Jobs act, Renzi convince quasi tutto il Pd
Sì al reintegro per i licenziamenti disciplinari. «Grande passo avanti, dal 2015 oltre l’articolo 18» Ma la minoranza si divide. Insorge Ncd che chiede un vertice di maggioranza: la partita è aperta
Il lavoro tecnico è stato poi fatto in commissione, protagonisti Filippo Taddei, responsabile renziano dell’economia del Pd, e Cesare Damiano, minoranza dem, ex Cgil (in piazza il 25 ottobre) che si dichiara «molto soddisfatto». Alla fine si decide di intervenire su alcune materie: l’articolo 18, che comprenderà il reintegro anche per licenziamenti discriminatori e disciplinari ingiusti (come deciso in direzione pd), controlli a distanza, cure parentali, monitoraggio degli effetti della delega e impegno ad aumentare i fondi per gli ammortizzatori sociali (nella legge di Stabilità).
Strappato il sì a una parte della minoranza, restano le critiche di Civati e Cuperlo.
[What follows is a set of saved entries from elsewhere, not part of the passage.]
(* Take the special vertex $v=0$. Let $I,J$ be non-crossing $m$-subsets of $\{1,\dots,n\}$ (equivalently $\operatorname{Ext}^1_A(M_I,M_J)=0$). Then $$c(I,J)=\kappa(M_J,M_I)-\kappa(M_I,M_J),$$ where $c(I,J)$ is the exponent in the quasi-commutation relation $\Delta_q^I\Delta_q^J=q^{c(I,J)}\Delta_q^J\Delta_q^I$ of quantum minors in the quantum Grassmannian.
   Context: Fix integers $1\le m<n$. $A$ is the quotient of the complete path algebra of the quiver with vertices $\mathbb{Z}_n$ and arrows $x_a\colon a-1\to a$, $y_a\colon a\to a-1$ ($a\in\{1,\dots,n\}$) by the relations $xy=yx$, $x^m=y^{n-m}$ at every vertex; centre $Z=\mathbb{C}[[t]]$; $\operatorname{CM}(A)$ is the category of finitely generated $A$-modules free over $Z$. For an $m$-subset $I$, $M_I$ has $e_jM_I=Z$ for all $j$, $x_a$ acting by $1$ if $a\in I$ and $t$ otherwise, $y_a$ acting by $t$ if $a\in I$ and $1$ otherwise. $\kappa(M,N)=\dim_{\mathbb{C}}\operatorname{coker}\big(\operatorname{Hom}_A(M,N)\to\operatorname{Hom}_Z(e_vM,e_vN)\big)$. Two $m$-subsets $I,J$ are non-crossing if either (i) $J\setminus I=J'\sqcup J''$ with $J'<(I\setminus J)<J''$, or (ii) $I\setminus J=I'\sqcup I''$ with $I'<(J\setminus I)<I''$ (where $X<Y$ means every element of $X$ is less than every element of $Y$); then $c(I,J)=|J''|-|J'|$ in case (i) and $c(I,J)=|I'|-|I''|$ in case (ii) (these agree if both hold). The quantum Grassmannian $\mathbb{C}_q[\operatorname{Gr}(m,n)]$ is the subalgebra of the quantum matrix algebra $\mathbb{C}_q[M_{m\times n}]$ generated by the quantum minors $\Delta_q^I=\sum_{\sigma\in S_m}(-q)^{\ell(\sigma)}x_{1,i_{\sigma(1)}}\cdots x_{m,i_{\sigma(m)}}$ ($I=\{i_1<\dots<i_m\}$), where $\mathbb{C}_q[M_{m\times n}]$ is generated over $\mathbb{C}[q^{\pm1}]$ by $x_{ij}$ with relations $x_{ij}x_{st}=qx_{st}x_{ij}$ if $i=s,j<t$ or $i<s,j=t$; $x_{ij}x_{st}=x_{st}x_{ij}$ if $i<s,j>t$; $x_{ij}x_{st}=x_{st}x_{ij}+(q-q^{-1})x_{sj}x_{it}$ if $i<s,j<t$. It is known (Leclerc–Zelevinsky) that for non-crossing $I,J$, $\Delta_q^I\Delta_q^J=q^{c(I,J)}\Delta_q^J\Delta_q^I$. *)

(* C is modelled by algC (algebraic complex numbers). *)
From HB Require Import structures.
From mathcomp Require Import all_boot all_order all_algebra all_field.
Unset Printing Implicit Defensive.
Import Order.TTheory GRing.Theory Num.Theory.
Local Open Scope ring_scope.

(* Formal power series Z = C[[t]]: coefficient sequences. *)
Definition series := nat -> algC.
Definition s1 : series := fun k => (k == 0%N)%:R.
Definition st : series := fun k => (k == 1%N)%:R.
Definition smul (f g : series) : series :=
  fun k => \sum_(i < k.+1) f i * g (k - i)%N.

Definition lincomb (d : nat) (c : 'I_d -> algC) (b : 'I_d -> series) : series :=
  fun k => \sum_(i < d) c i * b i k.
Definition ssub (f g : series) : series := fun k => f k - g k.

(* dim_C (Z / S) = d, for a subset S of Z (here always a Z-submodule) *)
Definition coker_dim (S : series -> Prop) (d : nat) : Prop :=
  exists b : 'I_d -> series,
    (forall c : 'I_d -> algC, S (lincomb d c b) -> forall i, c i = 0) /\
    (forall z : series, exists c : 'I_d -> algC, S (ssub z (lincomb d c b))).

(* The module M_I: e_j M_I = Z, x_a acts by 1 if a \in I else t,
   y_a acts by t if a \in I else 1  (a in {1..n}, subsets of 'I_n.+1 avoiding 0). *)
Definition xM (n : nat) (I : {set 'I_n.+1}) (a : nat) : series :=
  if (inord a : 'I_n.+1) \in I then s1 else st.
Definition yM (n : nat) (I : {set 'I_n.+1}) (a : nat) : series :=
  if (inord a : 'I_n.+1) \in I then st else s1.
Che spiega: «Non c’è una parola sui licenziamenti, così ci sarebbe un eccesso di delega. Resto dell’idea che non si possono escludere dal reintegro i licenziamenti manifestamente infondati».
Ma Area riformista (Speranza) sembra aver assorbito gran parte del dissenso. Stefano Fassina: «Vediamo, ma il governo fa un passo indietro, molto apprezzato». Dopo gli emendamenti non è esclusa la fiducia sul nuovo testo, come precisa Renzi. Che da Bucarest promette: «Dal 2015 l’articolo 18 sarà superato». Risolto un problema nel Pd, ne sorge un altro. Renato Brunetta (FI) protesta: «Anteporre il Jobs act alla legge di Stabilità e fissarlo al 26 novembre è un sopruso». Maurizio Sacconi (Ncd) chiede un nuovo vertice di maggioranza: «La riforma sia vera o non la votiamo». La prima risposta del ministro Maria Elena Boschi sembra un no: «Basta il lavoro parlamentare». Parole che provocano l’irritazione di Nunzia De Girolamo: «Non è la portavoce di Renzi». Ma l’interpretazione autentica della Boschi è questa: nessun «no» secco, solo che non serve un «vertice partecipato come quello di lunedì», ci saranno «incontri di maggioranza».
De Girolamo e Sacconi vanno a parlarne a Palazzo Chigi. Interlocutorio il commento: «La partita è aperta. Non partecipiamo al patto del gambero». Anche Scelta civica, con Pietro Ichino, è in allarme: «Qualunque modifica va concordata in maggioranza». Duri i 5 Stelle: «Tutti in ginocchio di fronte ai capricci del premier».